* _Exercise_: This task calls for copying every line of the records that includes the word "Bshift".

* _Stored items_:
Lemma hull_extension_hull x : hull a x -> hull b (hull_extension x).
Proof.
  intros Hx. split.
  - destruct b_bounded as [M HM].
    destruct (hull_extension_approx 1) as [dl [Hdl Happ]]; [lra|].
    destruct (proj2 Hx dl Hdl) as [k Hk]. exists (M + 1). intro n.
    specialize (Happ x k Hx Hk n). specialize (HM (n + k)%Z). unfold shift in Happ.
    pose proof (Rabs_triang_inv (hull_extension x n) (b (n + k)%Z)). lra.
  - intros eps He. destruct (hull_extension_approx eps He) as [dl [Hdl Happ]].
    destruct (proj2 Hx dl Hdl) as [k Hk]. exists k. now apply Happ.
Qed.

Lemma hull_extension_shift k : hull_extension (shift k a) = shift k b.
Proof.
  apply supclose_all_eq. intros eps He.
  destruct (hull_extension_approx eps He) as [dl [Hdl Happ]].
  apply Happ; [now apply hull_shift|]. apply supclose_refl. lra.
Qed.

Lemma hull_extension_cont : cont_on (hull a) hull_extension.
Proof.
  intros x Hx eps He. destruct (hull_extension_approx (eps / 2)) as [dl [Hdl Happ]]; [lra|].
  exists (dl / 2). split; [lra|]. intros y Hy Hxy.
  destruct (proj2 Hx (dl / 2)) as [k Hk]; [lra|].
  apply supclose_trans_half with (shift k b).
  - apply Happ; [exact Hx|]. eapply supclose_weaken; [|exact Hk]. lra.
  - apply supclose_sym, Happ; [exact Hy|].
    apply supclose_trans_half with x; [now apply supclose_sym|exact Hk].
Qed.

Lemma hull_extension_mul mula inva mulb invb :
  hull_group a mula inva -> hull_group b mulb invb -> forall x y, hull a x -> hull a y ->
  hull_extension (mula x y) = mulb (hull_extension x) (hull_extension y).
Proof.
  intros Ga Gb x y Hx Hy. apply supclose_all_eq. intros eps He.
  destruct Gb as (_ & _ & _ & _ & _ & Bcont & _ & Bshift).
  destruct (Bcont _ _ (hull_extension_hull x Hx) (hull_extension_hull y Hy) (eps / 2))
    as [e1 [He1 Hc]]; [lra|].
  destruct (hull_extension_approx e1 He1) as [d1 [Hd1 Happ1]].
  destruct (hull_extension_approx (eps / 2)) as [d2 [Hd2 Happ2]]; [lra|].
  destruct (hull_mul_approx a mula inva x y (Rmin d1 d2) a_bounded Ga Hx Hy)
    as (j & k & Hj & Hk & Hjk); [now apply Rmin_pos|].
  apply supclose_trans_half with (shift (j + k) b).
  - apply Happ2; [now apply (proj1 Ga)|]. eapply supclose_weaken; [apply Rmin_r|exact Hjk].
  - rewrite <- Bshift. apply supclose_sym, Hc; try now apply hull_shift.
    + apply Happ1; [exact Hx|]. eapply supclose_weaken; [apply Rmin_l|exact Hj].
    + apply Happ1; [exact Hy|]. eapply supclose_weaken; [apply Rmin_l|exact Hk].
Qed.

End HullExtension.

Lemma hull_left_inverse a b (Phi Psi : pot -> pot) : bounded a -> bounded b ->
  (forall x, hull a x -> hull b (Phi x)) -> cont_on (hull a) Phi -> cont_on (hull b) Psi ->
  (forall k, Phi (shift k a) = shift k b) -> (forall k, Psi (shift k b) = shift k a) ->
  forall x, hull a x -> Psi (Phi x) = x.
Proof.
  intros Ba Bb Himg Cphi Cpsi Ophi Opsi x Hx. apply supclose_all_eq. intros eps He.
  destruct (Cpsi (Phi x) (Himg x Hx) (eps / 2)) as [eta [Heta Hpsi]]; [lra|].
  destruct (Cphi x Hx eta Heta) as [dl [Hdl Hphi]].
  destruct (proj2 Hx (Rmin dl (eps / 2))) as [k Hk]; [apply Rmin_pos; lra|].
  apply supclose_trans_half with (shift k a).
  - rewrite <- (Opsi k). apply Hpsi; [now apply hull_shift|].
    rewrite <- (Ophi k). apply Hphi; [now apply hull_shift|].
    eapply supclose_weaken; [apply Rmin_l|exact Hk].
  - apply supclose_sym. eapply supclose_weaken; [apply Rmin_r|exact Hk].
Qed.

Lemma hull_iso_of_same_open_moduli d dt mul inv mult invt :
  limit_periodic d -> limit_periodic dt -> hull_group d mul inv -> hull_group dt mult invt ->
  (forall r, open_modulus d r <-> open_modulus dt r) ->
  exists Phi Psi, hull_iso d mul dt mult Phi Psi.
Proof.
  intros Ld Ldt Gd Gdt Hmod. pose proof (proj1 Ld) as Bd. pose proof (proj1 Ldt) as Bdt.
  assert (U : orbit_uniformly_continuous d dt).
  { apply orbit_uniformly_continuous_of_moduli; [exact Ldt|]. intro r. apply Hmod. }
  assert (Ut : orbit_uniformly_continuous dt d).
  { apply orbit_uniformly_continuous_of_moduli; [exact Ld|]. intro r. apply Hmod. }
  exists (hull_extension d dt), (hull_extension dt d).
  split; [|split; [|split; [|split; [|split; [|split]]]]].
  - now apply hull_extension_hull.
  - now apply hull_extension_hull.
  - apply (hull_left_inverse d dt); auto using hull_extension_hull, hull_extension_cont,
      hull_extension_shift.
  - apply (hull_left_inverse dt d); auto using hull_extension_hull, hull_extension_cont,
      hull_extension_shift.
  - now apply hull_extension_cont.
  - now apply hull_extension_cont.
  - now apply (hull_extension_mul d dt Bd Bdt U mul inv mult invt).
Qed.

Lemma open_modulus_iff_freq_module e mul inv r : bounded e -> hull_group e mul inv ->
  open_modulus e r <-> (0 < r)%Z /\ freq_module e mul (2 * PI / IZR r).
Proof.
  intros Be Ge. split.
  - intros Hr. split; [exact (proj1 Hr)|]. exact (open_modulus_freq_module e mul inv r Be Ge Hr).
  - intros [Hr Hf]. exact (freq_module_open_modulus e mul r Be Hr Hf).
Qed.

Lemma zspan_multiples (G1 G2 : R -> Prop) alpha :
  (forall a, G1 a -> exists c a', G2 a' /\ a = IZR c * a') -> zspan G1 alpha -> zspan G2 alpha.
Proof.
  intros H [l [Hl ->]]. induction l as [|[z a] l IH].
  - exists nil. split; auto.
  - inversion Hl as [|? ? Ha Hl']; subst. simpl in Ha.
    destruct (IH Hl') as [l2 [Hl2 E2]]. destruct (H a Ha) as [c [a' [Ha' ->]]].
    exists (((z * c)%Z, a') :: l2). split; [now constructor|].
    simpl. rewrite E2, mult_IZR. ring.
Qed.

Lemma chain_divides (n : nat -> nat) : (forall j, Nat.divide (n j) (n (j + 1)%nat)) ->
  forall j i, (j <= i)%nat -> Nat.divide (n j) (n i).
Proof.
  intros H j i Hji. induction Hji as [|i Hji IH]; [apply Nat.divide_refl|].
  eapply Nat.divide_trans; [exact IH|]. rewrite <- Nat.add_1_r. apply H.
Qed.

Lemma infinite_subset_of_range (n : nat -> nat) (S : nat -> Prop) :
  (forall m, S m -> exists i, n i = m) -> infinite_nat_set S ->
  forall j, exists i, (j < i)%nat /\ S (n i).
Proof.
  intros Hrange Hinf j. apply NNPP; intro Hno. apply Hinf.
  exists (map n (seq 0 (Datatypes.S j))). intros m Hm.
  destruct (Hrange m Hm) as [i <-]. apply in_map, in_seq.
  destruct (Nat.le_gt_cases i j); [lia|]. exfalso. apply Hno. now exists i.
Qed.

Definition freq_generator (S : nat -> Prop) (a : R) : Prop :=
  exists m, S m /\ a = 2 * PI / INR m.

(* Every [2 PI / n_j] is an integer multiple of [2 PI / n_i] for [n_i] further along the chain. *)
Lemma freq_module_eq_of_cofinal d mul Sd dt mult Sdt :
  freq_int_set d mul Sd -> freq_int_set dt mult Sdt ->
  infinite_nat_set Sdt -> (forall m, Sdt m -> Sd m) ->
  forall alpha, freq_module d mul alpha <-> freq_module dt mult alpha.
Proof.
  intros [n [Hpos [Hdiv [HS HF]]]] [_ [_ [_ [_ HFt]]]] Hinf Hsub alpha.
  rewrite HF, HFt. fold (freq_generator Sd) (freq_generator Sdt). split.
  - apply zspan_multiples. intros a [m [Hm ->]].
    destruct (proj1 (HS m) Hm) as [j <-].
    destruct (infinite_subset_of_range n Sdt (fun m Hm => proj1 (HS m) (Hsub m Hm)) Hinf j)
      as [i [Hji Hi]].
    destruct (chain_divides n Hdiv j i ltac:(lia)) as [c Hc].
    exists (Z.of_nat c), (2 * PI / INR (n i)). split; [now exists (n i)|].
    rewrite <- INR_IZR_INZ, Hc, mult_INR.
    pose proof (Hpos i) as Hi0. rewrite Hc in Hi0.
    assert (INR c <> 0) by (apply not_0_INR; lia).
    assert (INR (n j) <> 0) by (apply not_0_INR; lia).
    field; auto.
  - apply zspan_multiples. intros a [m [Hm ->]].
    exists 1%Z, (2 * PI / INR m). split; [now exists m; auto|]. simpl. ring.
Qed.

* _Reply_:
  destruct Gb as (_ & _ & _ & _ & _ & Bcont & _ & Bshift).
  - rewrite <- Bshift. apply supclose_sym, Hc; try now apply hull_shift.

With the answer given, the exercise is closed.